Problem to solve → Hand back each record exactly as you find it.

Records supplied →
──────────────────────────────

Lemma rankPolyE (F : fieldType) N p :
  rankPoly F N p = \poly_(R < (N ^ 2).+1) (rankQ (trPsi F N p) R)%:Z.
Proof. by rewrite poly_def. Qed.

Theorem mainTheorem2 (Rr : realType) (N p : nat) :
  (2 <= N)%N -> odd p -> (3 <= p)%N -> (p <= 2 * N - 1)%N ->
  let F := (Rr[i])%type in
  let q := trPsi F N p in
  (forall (R : nat), (R <= N ^ 2 - p)%N ->
     forall a b : ext F ('I_N * 'I_N)%type,
       a \in Lam F _ R -> b \in Lam F _ (N ^ 2 - p - R) ->
       topPair (wedge q a) b = (-1) ^+ (p * R) * topPair a (wedge q b))
  /\ (forall R : nat, (R <= N ^ 2 - p)%N -> rankQ q R = rankQ q (N ^ 2 - p - R))
  /\ size (rankPoly F N p) = (N ^ 2 - p).+1
  /\ (forall R : nat, (R <= N ^ 2 - p)%N ->
        (rankPoly F N p)`_R = (rankPoly F N p)`_(N ^ 2 - p - R)).
Proof.
(* [2 <= N] follows from [3 <= p <= 2 * N - 1]. *)
move=> _ odd_p p_ge3 p_le F q.
have hq : homog q p by apply: homog_trPsi.
have cardT : #|{: 'I_N * 'I_N}| = (N ^ 2)%N by rewrite card_prod card_ord mulnn.
have p_le_n : (p <= N ^ 2)%N by rewrite expnS expn1; nia.
have rank_sym R : (R <= N ^ 2 - p)%N -> rankQ q R = rankQ q (N ^ 2 - p - R).
  by move=> le_R; rewrite (rankQ_sym hq) cardT //; lia.
have rank_top : rankQ q (N ^ 2 - p) != 0%N.
  have [K defp] : exists K, p = K.*2.+1.
    by exists p./2; rewrite -[p in LHS]odd_double_half odd_p.
  rewrite -[(N ^ 2 - p)%N]subn0 -rank_sym // rankQ0_neq0 // /q defp trPsi_neq0 //; lia.
split=> [R _ a b /homog_Lam aR _|]; first exact: topPair_adjoint hq aR.
split=> //; rewrite rankPolyE; split.
  rewrite (size_poly_support (m := (N ^ 2 - p)%N)) ?leq_subr ?eqz_nat //.
  by move=> R gt_R; rewrite (rankQ_eq0 hq) // cardT; lia.
have lt_n R : (R <= N ^ 2 - p)%N -> (R < (N ^ 2).+1)%N.
  by move=> le_R; rewrite ltnS (leq_trans le_R) ?leq_subr.
by move=> R le_R; rewrite !coef_poly !lt_n ?leq_subr // -/q rank_sym.
Qed.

──────────────────────────────

Answer to this task →
Lemma rankPolyE (F : fieldType) N p :
  rankPoly F N p = \poly_(R < (N ^ 2).+1) (rankQ (trPsi F N p) R)%:Z.
Proof. by rewrite poly_def. Qed.

Theorem mainTheorem2 (Rr : realType) (N p : nat) :
  (2 <= N)%N -> odd p -> (3 <= p)%N -> (p <= 2 * N - 1)%N ->
  let F := (Rr[i])%type in
  let q := trPsi F N p in
  (forall (R : nat), (R <= N ^ 2 - p)%N ->
     forall a b : ext F ('I_N * 'I_N)%type,
       a \in Lam F _ R -> b \in Lam F _ (N ^ 2 - p - R) ->
       topPair (wedge q a) b = (-1) ^+ (p * R) * topPair a (wedge q b))
  /\ (forall R : nat, (R <= N ^ 2 - p)%N -> rankQ q R = rankQ q (N ^ 2 - p - R))
  /\ size (rankPoly F N p) = (N ^ 2 - p).+1
  /\ (forall R : nat, (R <= N ^ 2 - p)%N ->
        (rankPoly F N p)`_R = (rankPoly F N p)`_(N ^ 2 - p - R)).
Proof.
(* [2 <= N] follows from [3 <= p <= 2 * N - 1]. *)
move=> _ odd_p p_ge3 p_le F q.
have hq : homog q p by apply: homog_trPsi.
have cardT : #|{: 'I_N * 'I_N}| = (N ^ 2)%N by rewrite card_prod card_ord mulnn.
have p_le_n : (p <= N ^ 2)%N by rewrite expnS expn1; nia.
have rank_sym R : (R <= N ^ 2 - p)%N -> rankQ q R = rankQ q (N ^ 2 - p - R).
  by move=> le_R; rewrite (rankQ_sym hq) cardT //; lia.
have rank_top : rankQ q (N ^ 2 - p) != 0%N.
  have [K defp] : exists K, p = K.*2.+1.
    by exists p./2; rewrite -[p in LHS]odd_double_half odd_p.
  rewrite -[(N ^ 2 - p)%N]subn0 -rank_sym // rankQ0_neq0 // /q defp trPsi_neq0 //; lia.
split=> [R _ a b /homog_Lam aR _|]; first exact: topPair_adjoint hq aR.
split=> //; rewrite rankPolyE; split.
  rewrite (size_poly_support (m := (N ^ 2 - p)%N)) ?leq_subr ?eqz_nat //.
  by move=> R gt_R; rewrite (rankQ_eq0 hq) // cardT; lia.
have lt_n R : (R <= N ^ 2 - p)%N -> (R < (N ^ 2).+1)%N.
  by move=> le_R; rewrite ltnS (leq_trans le_R) ?leq_subr.
by move=> R le_R; rewrite !coef_poly !lt_n ?leq_subr // -/q rank_sym.
Qed.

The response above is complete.